In the records below, find the line that contains "by move: e;", then transcribe it and every later line exactly, stopping at the final line.

────────────────────

(* For every $n\ge 1$, the symmetric group $S_n$ has a mixing sequence consisting of involutions of length at most $\frac{3}{2}\lfloor\log_2(n!)\rfloor+\frac{1}{2}n$; in particular $\mathrm{mixlen}(S_n)\le \frac{3}{2}\lfloor\log_2(n!)\rfloor+\frac{1}{2}n$.
   Context: For a finite group $G$, a random subproduct is a random element $g_1^{\epsilon_1}\cdots g_k^{\epsilon_k}$ where $g_1,\dots,g_k\in G$ are fixed and $\epsilon_1,\dots,\epsilon_k$ are independent Bernoulli random variables with $\epsilon_i\sim\mathrm{Ber}(p_i)$, $p_i\in[0,1]$. If such a random subproduct is distributed exactly uniformly on $G$, then $(g_1,p_1),\dots,(g_k,p_k)$ is a mixing sequence of $G$ of length $k$, and $G$ is mixable. The mixing length $\mathrm{mixlen}(G)$ is the minimal length of a mixing sequence of $G$. *)

From mathcomp Require Import all_boot all_order all_algebra all_fingroup.
From mathcomp Require Import Rstruct.
From Stdlib Require Import Reals.
Set Implicit Arguments. Unset Strict Implicit. Unset Printing Implicit Defensive.
Import GRing.Theory Num.Theory.
Local Open Scope ring_scope.

Definition subprod (gT : finGroupType) (s : seq (gT * R))
  (e : {ffun 'I_(size s) -> bool}) : gT :=
  (\prod_(i < size s) (if e i then (nth (1%g, 0) s i).1 else 1%g))%g.

Definition outcome_prob (gT : finGroupType) (s : seq (gT * R))
  (e : {ffun 'I_(size s) -> bool}) : R :=
  \prod_(i < size s) (if e i then (nth (1%g, 0) s i).2 else 1 - (nth (1%g, 0) s i).2).

Definition subprod_prob (gT : finGroupType) (s : seq (gT * R)) (g : gT) : R :=
  \sum_(e : {ffun 'I_(size s) -> bool} | @subprod gT s e == g) @outcome_prob gT s e.

Definition mixing_seq (gT : finGroupType) (s : seq (gT * R)) : Prop :=
  (forall x, x \in s -> 0 <= x.2 <= 1) /\
  (forall g : gT, subprod_prob s g = 1 / (#|[set: gT]|)%:R).

(* The pointwise stabilisers S_M of {M, ..., n-1} form a chain
   1 = S_0 <= S_1 <= ... <= S_n = 'S_n.  If a random subproduct is uniform on
   S_M, appending a random subproduct with factors in S_{M+1} that sends the
   point M to a uniform point of [0, M] makes it uniform on S_{M+1}, because
   the right cosets of S_M in S_{M+1} are the sets {g | g M = i}.
   Such a sequence of involutions is built by halving: for M = 2k, run the
   sequence for k on the pairs {2i, 2i+1}, keeping the parity, then swap each
   pair with probability 1/2; for M = 2k+1, first swap M-2 and M-1 with
   probability 2k/(2k+1), then run the sequence for 2k, which fixes 2k.
   Its length l satisfies l(2k) = l(k) + 1 and l(2k+1) = l(k) + 2, whence
   2 sum_{M<=n} l(M) <= 3 sum_{M<=n} floor(log2 M) + n <= 3 floor(log2 n!) + n. *)

From mathcomp Require Import all_boot all_order all_algebra all_fingroup.
From mathcomp Require Import Rstruct.
From Stdlib Require Import Reals.
From Stdlib Require List.
From mathcomp Require Import cyclic zify ring lra.
Set Implicit Arguments. Unset Strict Implicit. Unset Printing Implicit Defensive.
Import GRing.Theory Num.Theory.
Local Open Scope ring_scope.

(** * Distribution of a random subproduct *)

Definition ffun_cons k (b : bool) (e : {ffun 'I_k -> bool}) : {ffun 'I_k.+1 -> bool} :=
  [ffun i => if unlift ord0 i is Some j then e j else b].

Lemma ffun_cons0 k b (e : {ffun 'I_k -> bool}) : ffun_cons b e ord0 = b.
Proof. by rewrite ffunE unlift_none. Qed.

Lemma ffun_consS k b (e : {ffun 'I_k -> bool}) i : ffun_cons b e (lift ord0 i) = e i.
Proof. by rewrite ffunE liftK. Qed.

Lemma big_ffun_ord_recl k (F : {ffun 'I_k.+1 -> bool} -> R) :
  \sum_(e : {ffun 'I_k.+1 -> bool}) F e =
  \sum_(b : bool) \sum_(e : {ffun 'I_k -> bool}) F (ffun_cons b e).
Proof.
rewrite pair_big (reindex (fun be => ffun_cons be.1 be.2)) //=.
exists (fun e : {ffun 'I_k.+1 -> bool} => (e ord0, [ffun j => e (lift ord0 j)])).
  move=> [b e] _ /=.
  by rewrite ffun_cons0; congr pair; apply/ffunP => j; rewrite ffunE ffun_consS.
move=> e _; apply/ffunP => i; rewrite ffunE.
by case: unliftP => [j ->|->]; rewrite ?ffunE.
Qed.

Section SubproductDistribution.
Variable gT : finGroupType.
Implicit Types (s : seq (gT * R)) (a g : gT) (p : R).

Lemma subprod_cons a p s b e :
  @subprod _ ((a, p) :: s) (ffun_cons b e) =
  ((if b then a else 1) * @subprod _ s e)%g.
Proof.
rewrite /subprod big_ord_recl ffun_cons0; congr (_ * _)%g.
by apply: eq_bigr => i _; rewrite ffun_consS.
Qed.

Lemma outcome_prob_cons a p s b e :
  @outcome_prob _ ((a, p) :: s) (ffun_cons b e) =
  (if b then p else 1 - p) * @outcome_prob _ s e.
Proof.
rewrite /outcome_prob big_ord_recl ffun_cons0; congr (_ * _).
by apply: eq_bigr => i _; rewrite ffun_consS.
Qed.

Lemma subprod_prob_nil g : subprod_prob [::] g = (g == 1%g)%:R.
Proof.
have e0 (e : {ffun 'I_0 -> bool}) : e = [ffun=> false] by apply/ffunP => -[].
rewrite /subprod_prob (eq_bigl (fun e => (e == [ffun=> false]) && (g == 1%g))) => [|e].
  case: (eqVneq g 1%g) => [_|_]; last by rewrite big_pred0 // => e; rewrite andbF.
  rewrite (eq_bigl (pred1 [ffun=> false])) => [|e]; last by rewrite andbT.
  by rewrite big_pred1_eq /outcome_prob big_ord0.
by rewrite /subprod big_ord0 (e0 e) eqxx eq_sym.
Qed.

Lemma subprod_prob_cons a p s g :
  subprod_prob ((a, p) :: s) g =
  (1 - p) * subprod_prob s g + p * subprod_prob s (a^-1 * g)%g.
Proof.
have mulg_eqV x : ((a * x)%g == g) = (x == (a^-1 * g)%g).
  by apply/eqP/eqP => [<-|->]; rewrite ?mulKg ?mulKVg.
rewrite /subprod_prob big_mkcond (big_ffun_ord_recl (k := size s)) big_bool.
rewrite !(big_mkcond (fun e => _ == _)) !big_distrr /= addrC.
congr (_ + _); apply: eq_bigr => e _; rewrite subprod_cons outcome_prob_cons.
  by rewrite mul1g; case: ifP; rewrite ?mulr0.
by rewrite mulg_eqV; case: ifP; rewrite ?mulr0.
Qed.

Lemma subprod_prob_cat s1 s2 g :
  subprod_prob (s1 ++ s2) g =
  \sum_k subprod_prob s1 (g * k^-1)%g * subprod_prob s2 k.
Proof.
elim: s1 g => [|[a p] s1 IH] g /=.
  rewrite (bigD1 g) //= big1 => [|k /negbTE ngk]; last first.
    by rewrite subprod_prob_nil -eq_mulgV1 eq_sym ngk mul0r.
  by rewrite subprod_prob_nil mulgV eqxx mul1r addr0.
rewrite subprod_prob_cons !IH !mulr_sumr -big_split /=.
by apply: eq_bigr => k _; rewrite subprod_prob_cons mulgA; ring.
Qed.

Lemma subprod_prob_sum s : \sum_g subprod_prob s g = 1.
Proof.
elim: s => [|[a p] s IH].
  rewrite (bigD1 1%g) //= big1 => [|g /negbTE ng1]; last by rewrite subprod_prob_nil ng1.
  by rewrite subprod_prob_nil eqxx addr0.
under eq_bigr do rewrite subprod_prob_cons.
rewrite big_split /= -!mulr_sumr IH (reindex_inj (mulgI a)) /=.
by under eq_bigr do rewrite mulKg; rewrite IH; ring.
Qed.

Lemma subprod_prob_out (H : {group gT}) s g :
  all (fun x => x.1 \in H) s -> g \notin H -> subprod_prob s g = 0.
Proof.
elim: s g => [|[a p] s IH] g /=.
  by move=> _ gH; rewrite subprod_prob_nil; case: eqP gH => // ->; rewrite group1.
case/andP=> aH sH gH; rewrite subprod_prob_cons !IH ?groupMl ?groupV //; ring.
Qed.

Lemma subprod_prob_cat_rcoset (H : {group gT}) c s1 s2 g :
  (forall h, subprod_prob s1 h = c * (h \in H)%:R) ->
  subprod_prob (s1 ++ s2) g = c * \sum_(k in (H :* g)%g) subprod_prob s2 k.
Proof.
move=> unifH; rewrite subprod_prob_cat [in RHS]big_mkcond mulr_sumr.
apply: eq_bigr => k _.
rewrite unifH mem_rcoset -groupV invMg invgK.
by case: ifP => _; rewrite /= ?mulr1n ?mulr0n ?mulr1 ?mulr0 ?mul0r.
Qed.

Lemma mixing_seq_const s c :
  (forall x, x \in s -> 0 <= x.2 <= 1) -> (forall g, subprod_prob s g = c) ->
  mixing_seq s.
Proof.
move=> s01 constc; split=> // g.
have card_gt0 : #|gT|%:R != 0 :> R.
  by rewrite pnatr_eq0 -lt0n; apply/card_gt0P; exists 1%g.
have c_card : c * #|gT|%:R = 1.
  rewrite mulr_natr -[RHS](subprod_prob_sum s) -sumr_const.
  by apply: eq_bigr => h _; rewrite constc.
rewrite constc cardsT; apply: (mulIf card_gt0).
by rewrite c_card div1r mulVf.
Qed.

End SubproductDistribution.

(** * Random walks of a point of [nat] *)

(* No result type: [: R] would make Rocq parse the body in Stdlib's [R_scope]. *)
Fixpoint walk_prob (W : seq ((nat -> nat) * R)) (x y : nat) :=
  if W is (f, p) :: W' then (1 - p) * walk_prob W' x y + p * walk_prob W' (f x) y
  else (x == y)%:R.

Lemma walk_prob_fixed W x y :
  List.Forall (fun fp => fp.1 x = x) W -> walk_prob W x y = (x == y)%:R.
Proof. by elim=> //= -[f p] W0 /= -> _ ->; ring. Qed.

Lemma walk_prob_rcons W f p x y : involutive f ->
  walk_prob (rcons W (f, p)) x y =
  (1 - p) * walk_prob W x y + p * walk_prob W x (f y).
Proof.
move=> finv; elim: W x => [|[g q] W IH] x /=; last by rewrite !IH; ring.
by rewrite (inv_eq finv).
Qed.

Definition lift_map (f : nat -> nat) (x : nat) : nat := odd x + (f x./2).*2.

Definition lift_walk (W : seq ((nat -> nat) * R)) : seq ((nat -> nat) * R) :=
  [seq (lift_map fp.1, fp.2) | fp <- W].

Lemma lift_mapE f (b : bool) x : lift_map f (b + x.*2) = (b + (f x).*2)%nat.
Proof. by rewrite /lift_map oddD odd_double addbF oddb half_bit_double. Qed.

Lemma eq_bit_double (b c : bool) x y :
  ((b + x.*2)%nat == (c + y.*2)%nat) = (b == c) && (x == y).
Proof.
apply/eqP/andP => [e|[/eqP-> /eqP->]] //.
have bc : b = c by have := congr1 odd e; rewrite !oddD !odd_double !addbF !oddb.
by move: e; rewrite bc => /addnI/double_inj->.
Qed.

Lemma walk_prob_lift W (b c : bool) x y :
  walk_prob (lift_walk W) (b + x.*2) (c + y.*2) = (b == c)%:R * walk_prob W x y.
Proof.
elim: W x => [|[f p] W IH] x /=; last by rewrite lift_mapE !IH; ring.
by rewrite eq_bit_double -mulnb natrM.
Qed.

(** * A walk spreading [M.-1] uniformly over [0, M) *)

Definition swap_nat (a b x : nat) : nat := if x == a then b else if x == b then a else x.

Definition pair_swap (k x : nat) : nat :=
  if (x./2 < k)%nat then (~~ odd x + (x./2).*2)%nat else x.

────────────────────

▶ Response area
by move: e; rewrite bc => /addnI/double_inj->.
Qed.

Lemma walk_prob_lift W (b c : bool) x y :
  walk_prob (lift_walk W) (b + x.*2) (c + y.*2) = (b == c)%:R * walk_prob W x y.
Proof.
elim: W x => [|[f p] W IH] x /=; last by rewrite lift_mapE !IH; ring.
by rewrite eq_bit_double -mulnb natrM.
Qed.

(** * A walk spreading [M.-1] uniformly over [0, M) *)

Definition swap_nat (a b x : nat) : nat := if x == a then b else if x == b then a else x.

Definition pair_swap (k x : nat) : nat :=
  if (x./2 < k)%nat then (~~ odd x + (x./2).*2)%nat else x.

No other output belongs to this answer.